I kept thinking of Richard Scary's books, the scene was chaotic with vehicles made out of everything, full of everything, going every which way. The street is lined with markets, eating places, welding and carpenter shops. There were many brick factories (where people sit under umbrellas manually breaking bricks) and rice fields. People use little ponds along the road for bathing, washing clothes, washing cows, fishing, etc...
This morning we took rickshaws to the bus to Chilmari were we took a boat to the Emirates Floating Hospital (EFH). We stopped at a char (island in the river) and visited a satellite clinic. The chars are temporary islands that are formed by the river, once a new island appears it takes around 2-6 years to become cultivatable.
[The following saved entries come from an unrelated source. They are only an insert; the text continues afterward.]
Lemma greedy_inv_stepB Bk : greedy_inv Bk -> greedy_inv (stepB Bk).
Proof.
case=> subY freeB triB closedB; rewrite /stepB.
case E: [seq p <- Y | _] => [|p0 t]; first by split.
have [p0Y p0N before] := filter_eq_cons E.
have spanB_sub : (<<map Aval Bk>> <= <<map Aval (rcons Bk p0)>>)%VS.
  by apply: sub_span => v; rewrite map_rcons mem_rcons inE => ->; rewrite orbT.
have Bk_before q : q \in Bk -> idx q < idx p0.
  by move=> qB; rewrite ltnNge; apply: contra p0N; apply: closedB.
have before_span p : p \in Y -> idx p < idx p0 -> Aval p \in <<map Aval Bk>>%VS.
  by move=> pY /(before p pY); rewrite negbK.
split.
- by move=> q; rewrite mem_rcons inE => /orP[/eqP ->|/subY].
- have permB : perm_eq (rcons Bk p0) (p0 :: Bk) by rewrite perm_rcons.
  by rewrite (perm_free (perm_map _ permB)) /= free_cons p0N freeB.
- move=> p pY spanp; case: (ltnP (idx p) (idx p0)) => [lt_p|le_p].
    by rewrite filter_rcons leqNgt lt_p /=; apply/triB/before_span.
  suff -> : [seq q <- rcons Bk p0 | (idx q <= idx p)%N] = rcons Bk p0 by [].
  apply/all_filterP/allP => q; rewrite mem_rcons inE => /orP[/eqP -> //|/Bk_before].
  by move/ltnW/leq_trans; apply.
- move=> q; rewrite mem_rcons inE => /orP[/eqP ->|qB] p pY le_p; last first.
    exact/(subvP spanB_sub)/(closedB q qB).
  case: (ltnP (idx p) (idx p0)) => [lt_p|ge_p]; first exact/(subvP spanB_sub)/before_span.
  have -> : p = p0.
    by rewrite -(nth_index p pY) (@anti_leq (idx p) (idx p0)) ?le_p ?ge_p // nth_index.
  by apply: memv_span; rewrite map_rcons mem_rcons mem_head.
Qed.

Lemma greedy_inv_iter k :
  greedy_inv (iter k stepB [::]) /\
  (spans_Y (iter k stepB [::]) \/ size (iter k stepB [::]) = k).
Proof.
elim: k => [|k [invk [spank|sizek]]] /=.
- by split; [split; rewrite ?nil_free | right].
- by split; [apply: greedy_inv_stepB | left; rewrite stepB_id].
split; first exact: greedy_inv_stepB.
have [spank|/size_stepB ->] := boolP (spans_Y (iter k stepB [::])); last by right; rewrite sizek.
by left; rewrite stepB_id.
Qed.

Lemma calB_greedy : greedy_inv (calB A u) /\ spans_Y (calB A u).
Proof.
have [invB [spanB|sizeB]] := greedy_inv_iter (size Y); split => //.
have [subY /free_uniq/map_uniq uB _ _] := invB.
have [_ eqB] := uniq_min_size uB subY (eq_leq (esym sizeB)).
by apply/allP => p pY; apply/memv_span/map_f; rewrite /calB eqB.
Qed.

End GreedyBasis.

Local Open Scope ring_scope.

Lemma mem_span_linear (F : fieldType) (U V : vectType F) (f : U -> V) (X : seq U) x :
  linear f -> x \in <<X>>%VS -> f x \in <<map f X>>%VS.
Proof.
move=> lin_f xX; pose fL : {linear U -> V} := HB.pack f (GRing.isLinear.Build _ _ _ _ f lin_f).
by have := memv_img (linfun fL) xX; rewrite limg_span !lfunE (eq_map (lfunE fL)).
Qed.

Lemma scalar_span_eq0 (F : fieldType) (W : vectType F) (phi : W -> F) (X : seq W) v :
  scalar phi -> {in X, forall x, phi x = 0} -> v \in <<X>>%VS -> phi v = 0.
Proof.
move=> phiZ X0 vX; pose phiL : {scalar W} := HB.pack phi (GRing.isLinear.Build _ _ _ _ phi phiZ).
rewrite -[phi v]/(phiL v) (coord_span (X := in_tuple X) vX) linear_sum big1 // => j _.
by rewrite linearZ /= X0 ?mulr0 // mem_nth.
Qed.

Section AlternatingMap.
Variables (F : fieldType) (U V : vectType F) (n : nat) (A : U -> U -> V) (u : n.-tuple U).
Hypotheses (hAl : forall y, linear (A ^~ y)) (hAr : forall x, linear (A x)).
Hypothesis hAalt : forall x, A x x = 0.
Hypothesis hspan : forall W : {vspace V}, (forall x y, A x y \in W) -> W = fullv.
Hypothesis hbasis : basis_of fullv u.
Local Notation Aval := (Aval A u).
Local Notation B := (calB A u).
Local Notation idx p := (index p (Yseq n)).

Lemma alt_anti x y : A y x = - A x y.
Proof.
have addAl a b c : A (a + b) c = A a c + A b c by have := hAl c 1 a b; rewrite !scale1r.
have addAr a b c : A c (a + b) = A c a + A c b by have := hAr c 1 a b; rewrite !scale1r.
have /eqP := hAalt (x + y).
by rewrite addAl !addAr !hAalt add0r addr0 addr_eq0 => /eqP ->; rewrite opprK.
Qed.

Let B_Y : {subset B <= Yseq n}. Proof. by case: (calB_greedy A u) => -[]. Qed.
Let freeB : free (map Aval B). Proof. by case: (calB_greedy A u) => -[]. Qed.
Let spansB : spans_Y A u B. Proof. by case: (calB_greedy A u). Qed.

Lemma span_calB : <<map Aval B>>%VS = fullv.
Proof.
set W := <<map Aval B>>%VS.
have spanu : <<u>>%VS = fullv by case/andP: hbasis => /eqP.
have Aij (i j : 'I_n) : A u`_i u`_j \in W.
  have Avalij (p : pairY n) : (p.1 < p.2)%N -> Aval p \in W.
    by rewrite -mem_Yseq => /(allP spansB).
  case: (ltngtP i j) => [lt_ij|lt_ji|/val_inj->]; first exact: (Avalij (i, j)).
    by rewrite alt_anti memvN; apply: (Avalij (j, i)).
  by rewrite hAalt mem0v.
have span_uW (f : U -> V) z : linear f -> (forall j : 'I_n, f u`_j \in W) -> f z \in W.
  move=> lin_f fuW; have zu : z \in <<u>>%VS by rewrite spanu memvf.
  apply: subvP (mem_span_linear lin_f zu); apply/span_subvP => _ /mapP[_ /tnthP[j ->] ->].
  by rewrite (tnth_nth 0).
by apply: hspan => x y; exact: span_uW _ _ (hAl y) (fun i => span_uW _ _ (hAr _) (Aij i)).
Qed.

Lemma dim_calB : \dim (fullv : {vspace V}) = size B.
Proof. by rewrite -span_calB (eqP freeB) size_map. Qed.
According to my hosts, gundas (mafia) claim the char (it is hypothesized the gov gets a cut) and parcel it out to the settlers who use it for growing jute, corn, and rice. The settlers also work in nearby towns as rickshaw pullers. When the river takes away the char, the settlers loose their land. This is still more affordable than land on the mainland.
The children on the char came to see us, and followed us to the boat, we were like the pied piper, I included photos.

Tuesday, March 9, 2010

Transition


I arrived in Dhaka yesterday morning, got through customs without issue, and a car was waiting as well as Rupa to take me into the city. There is a lot of traffic here, and a lot of honking. The drivers are on the right side of the car, and at first I thought I was not used to the lanes, then I realized the lanes are theoretical, and a lot of traffic comes head on. Also traffic includes rickshaws, buses, cars, little three wheeled carts and pedestrians.
Most of the signs are in English, and many people here speak English. Rupa speaks English with an Indian accent, she says it helps.
Electricity is intermittent. When I arrived it was out and the elevator wasn't working, luckily I only had to carry my luggage up two flights of stairs. While it is warm and a bit humid, it's bearable when the AC turns off.
I am staying at the NGO's guesthouse, two other women are here as well, Helena and Freda from Sweden. They are architects who are working on a geography project involving the rivers. While walking in the market yesterday we had a lot of curious stares, people are friendly and eager to use their English.
The food has been spicy vegetable deliciousness, with green chili and lime garnish.
I woke up too early this morning, and can't fall back a sleep, I feel post call, but am sure I will be adjusted to the time change and flight by this time tomorrow.